Y Destiny estaba en éxtasis. Había afirmado que su padre era un romántico rematado y un impetuoso y que su madre era una mujer increíblemente afortunada. Pero luego había estado tan absorbida con el fin de curso, haciendo las maletas para su viaje a Francia y pensando en la vida que la esperaba a su regreso en Italia, que estaba sufriendo de un caso grave de sobreexcitación.
Ashley había comentado que Miley nunca se había destacado por su cautela con Nick. Como pensamiento del día, no había resultado muy inspirador. Pero cuando su tía tuvo la poca delicadeza de señalar que, después de todo, no tenía sentido interferir cuando los dos siempre habían actuado alocadamente el uno con el otro, Miley casi se atragantó al oír aquella injusticia. En aquella ocasión se había resistido a Nick con la heroica abstinencia de un adicto al chocolate siguiendo una dieta estricta. Cuando le había pedido que se casase con él, se había sentido enferma. Aquella idea no la había tentado. Nick la había derrotado sólo gracias a sus amenazas.

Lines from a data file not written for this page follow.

Lemma is_derive_comp_Ck2 (F : R * R -> R) (p : R * R) (d : R) (c : R -> R * R) (t : R) (v : R * R) :
  Ck2 1 F (sq p d) -> sq p d (c t) -> is_derive_curve c t v ->
  is_derive (fun s => F (c s)) t (dir_deriv F (c t) v).
Proof.
  intros [_ [HP [HD1 _]]] Hct [Dc1 Dc2].
  set (f := fun u w => F (u, w)).
  rewrite (surjective_pairing (c t)) in Hct |- *.
  set (x := fst (c t)) in *; set (y := snd (c t)) in *.
  assert (Hdiff : differentiable_pt_lim f x y (Defs.d1 F (x, y)) (Defs.d2 F (x, y))).
  { apply filterdiff_differentiable_pt_lim.
    eapply filterdiff_ext_lin.
    - apply (is_derive_filterdiff f x y (fun u w => Defs.d1 F (u, w)) (Defs.d2 F (x, y))).
      + apply (locally_2d_locally (fun u w => is_derive (fun z => f z w) u (Defs.d1 F (u, w)))).
        apply (locally_2d_impl (fun u w => sq p d (u, w))); [|exact (locally_2d_sq p d x y Hct)].
        apply locally_2d_forall; intros u w Huw; apply Derive_correct, (HP (u, w) Huw).
      + apply Derive_correct, (HP (x, y) Hct).
      + apply continuous_ext with (Defs.d1 F); [intros [u w]; reflexivity|exact (HD1 (x, y) Hct)].
    - intros [u w]; reflexivity. }
  apply is_derive_ext with (fun s => f (fst (c s)) (snd (c s))).
  { intros s; unfold f; rewrite <- surjective_pairing; reflexivity. }
  apply is_derive_Reals, (derivable_pt_lim_comp_2d f _ _ t _ _ (fst v) (snd v)); [exact Hdiff| |];
    apply is_derive_Reals; assumption.
Qed.

Lemma continuity_pt_dir_deriv (F : R * R -> R) (p : R * R) (d : R) (c w : R -> R * R) (t : R) :
  Ck2 1 F (sq p d) -> sq p d (c t) ->
  continuity_pt (fun s => fst (c s)) t -> continuity_pt (fun s => snd (c s)) t ->
  continuity_pt (fun s => fst (w s)) t -> continuity_pt (fun s => snd (w s)) t ->
  continuity_pt (fun s => dir_deriv F (c s) (w s)) t.
Proof.
  intros [_ [_ [HD1 HD2]]] Hct Hc1 Hc2 Hw1 Hw2.
  assert (Hcomp : forall G, (forall q, sq p d q -> continuous G q) ->
            continuity_pt (fun s => G (c s)) t).
  { intros G HG.
    apply continuity_pt_ext with (fun s => G (fst (c s), snd (c s)));
      [intros s; rewrite <- surjective_pairing; reflexivity|].
    apply continuity_pt_filterlim.
    apply (continuous_comp_2 (fun s => fst (c s)) (fun s => snd (c s)) (fun u v => G (u, v)));
      try (apply continuity_pt_filterlim; assumption).
    apply continuous_ext with G; [intros [u v]; reflexivity|].
    rewrite <- surjective_pairing; exact (HG _ Hct). }
  unfold dir_deriv; apply continuity_pt_plus; apply continuity_pt_mult;
    [apply Hcomp; exact HD1|exact Hw1|apply Hcomp; exact HD2|exact Hw2].
Qed.

Lemma Derive_neq0_of_left_inverse (phi phiinv : R -> R) (x : R) :
  ex_derive phi x -> ex_derive phiinv (phi x) ->
  locally x (fun t => phiinv (phi t) = t) -> Derive phi x <> 0.
Proof.
  intros Hphi Hinv Hloc E.
  assert (Hcomp : is_derive (fun t => phiinv (phi t)) x (Derive phi x * Derive phiinv (phi x))).
  { eapply is_derive_eq_value; [apply (is_derive_comp phiinv phi x); apply Derive_correct; eassumption|].
    reflexivity. }
  assert (Hid : is_derive (fun t => phiinv (phi t)) x 1).
  { apply is_derive_ext_loc with (fun t => t); [|apply (@is_derive_id R_AbsRing)].
    apply (filter_imp _ _ (fun t Ht => eq_sym Ht)), Hloc. }
  rewrite E, Rmult_0_l in Hcomp.
  pose proof (is_derive_unique _ _ _ Hcomp) as E0; rewrite (is_derive_unique _ _ _ Hid) in E0; lra.
Qed.

(* Differentiating chi (psi (p + s v)) = p + s v at s = 0 recovers v from Dpsi(p) v. *)
Lemma dir_deriv_injective (psi chi : R * R -> R * R) (p : R * R) (d : R) (v : R * R) :
  0 < d ->
  Ck2 1 (fun x => fst (psi x)) (sq p d) -> Ck2 1 (fun x => snd (psi x)) (sq p d) ->
  Ck2 1 (fun y => fst (chi y)) (sq (psi p) d) -> Ck2 1 (fun y => snd (chi y)) (sq (psi p) d) ->
  (forall x, sq p d x -> chi (psi x) = x) ->
  dir_deriv (fun x => fst (psi x)) p v = 0 -> dir_deriv (fun x => snd (psi x)) p v = 0 ->
  v = (0, 0).
Proof.
  intros Hd Hpsi1 Hpsi2 Hchi1 Hchi2 Hchi_psi Hv1 Hv2.
  set (c := fun s => (fst p + s * fst v, snd p + s * snd v)).
  assert (Hc0 : c 0 = p) by (unfold c; rewrite !Rmult_0_l, !Rplus_0_r; symmetry; apply surjective_pairing).
  assert (Hsqp : sq p d p) by (apply sq_center, Hd).
  assert (Hdc : forall s, is_derive_curve c s v) by (intros s; split; simpl; auto_derive; trivial; ring).
  set (w := fun s => psi (c s)).
  assert (Hdw : is_derive_curve w 0 (0, 0)).
  { assert (Hsqc0 : sq p d (c 0)) by (rewrite Hc0; exact Hsqp).
    split; eapply is_derive_eq_value.
    - exact (is_derive_comp_Ck2 (fun x => fst (psi x)) p d c 0 v Hpsi1 Hsqc0 (Hdc 0)).
    - rewrite Hc0; exact Hv1.
    - exact (is_derive_comp_Ck2 (fun x => snd (psi x)) p d c 0 v Hpsi2 Hsqc0 (Hdc 0)).
    - rewrite Hc0; exact Hv2. }
  assert (Hw0 : w 0 = psi p) by (unfold w; rewrite Hc0; reflexivity).
  assert (Hsqw : sq (psi p) d (w 0)).
  { rewrite Hw0; apply sq_center, Hd. }
  assert (Hloc : locally 0 (fun s => chi (w s) = c s)).
  { apply (filter_imp (fun s => sq p d (c s))); [intros s Hs; apply Hchi_psi, Hs|].
    apply locally_sq_of_continuity; [| |rewrite Hc0; exact Hsqp];
      apply continuity_pt_filterlim, (@ex_derive_continuous R_AbsRing R_NormedModule);
      eexists; apply (Hdc 0). }
  destruct (Hdc 0) as [Dc1 Dc2].
  assert (Hzero : forall G, Ck2 1 G (sq (psi p) d) -> is_derive (fun s => G (w s)) 0 0).
  { intros G HG; eapply is_derive_eq_value; [exact (is_derive_comp_Ck2 G _ _ w 0 _ HG Hsqw Hdw)|].
    unfold dir_deriv; simpl; ring. }
  assert (Hc1 : is_derive (fun s => fst (c s)) 0 0).
  { apply (is_derive_ext_loc (fun s => fst (chi (w s)))); [|exact (Hzero _ Hchi1)].
    apply (filter_imp _ _ (fun s Hs => f_equal fst Hs)), Hloc. }
  assert (Hc2 : is_derive (fun s => snd (c s)) 0 0).
  { apply (is_derive_ext_loc (fun s => snd (chi (w s)))); [|exact (Hzero _ Hchi2)].
    apply (filter_imp _ _ (fun s Hs => f_equal snd Hs)), Hloc. }
  apply is_derive_unique in Dc1, Dc2, Hc1, Hc2.
  destruct v as [v1 v2]; simpl in *; f_equal; congruence.
Qed.

Section CuspGerm.

Variables (n : nat) (a b d : R) (gamma nu : R -> R * R) (phi phiinv : R -> R)
  (psi chi : R * R -> R * R).
Hypothesis Hn : (1 <= n)%nat.
Hypothesis Hab : a < 0 < b.
Hypothesis HL : legendre_immersion a b gamma nu.
Hypothesis Hd : 0 < d.
Hypothesis Hphi0 : phi 0 = 0.
Hypothesis Hphi : smooth_on (ival (- d) d) phi.
Hypothesis Hphiinv : smooth_on (ival (- d) d) phiinv.
Hypothesis Hphiinv_phi : forall t, ival (- d) d t -> phiinv (phi t) = t.
Hypothesis Hpsi0 : psi (gamma 0) = Cusp n 0.
Hypothesis Hpsi : smooth22_on (sq (gamma 0) d) psi.
Hypothesis Hchi : smooth22_on (sq (Cusp n 0) d) chi.
Hypothesis Hchi_psi : forall x, sq (gamma 0) d x -> chi (psi x) = x.
Hypothesis Hpsi_gamma : forall t, ival a b t -> ival (- d) d t -> psi (gamma t) = Cusp n (phi t).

—Estás muy callada, mamá —observó Destiny finalmente cuando Miley salía con piernas vacilantes de la limusina que Nick les había mandado para que las recogiesen.
—Los nervios del día de la boda —comentó Aahley alegremente.
—Ojala no te hubieras puesto ese traje negro —dijo Dest frunciendo el ceño.
—Es elegante —murmuró Miley.
—Pero pareces que vas a un funeral.
Miley apenas había comido ni dormido en una semana y empezaba a notarse. Nick caminó hacia ellas y los ojos de Miley lo miraron de arriba abajo con incredulidad. Estaba rebosante de energía y una brillante sonrisa curvaba su expresión relajada. Llevaba un traje de color crema exquisitamente cortado que acentuaba su piel dorada y su pelo negro y parecía salido de un plató de Hollywood. Miley eludió su mirada sintiéndose amenazada por la fuerza y la resistencia del enemigo.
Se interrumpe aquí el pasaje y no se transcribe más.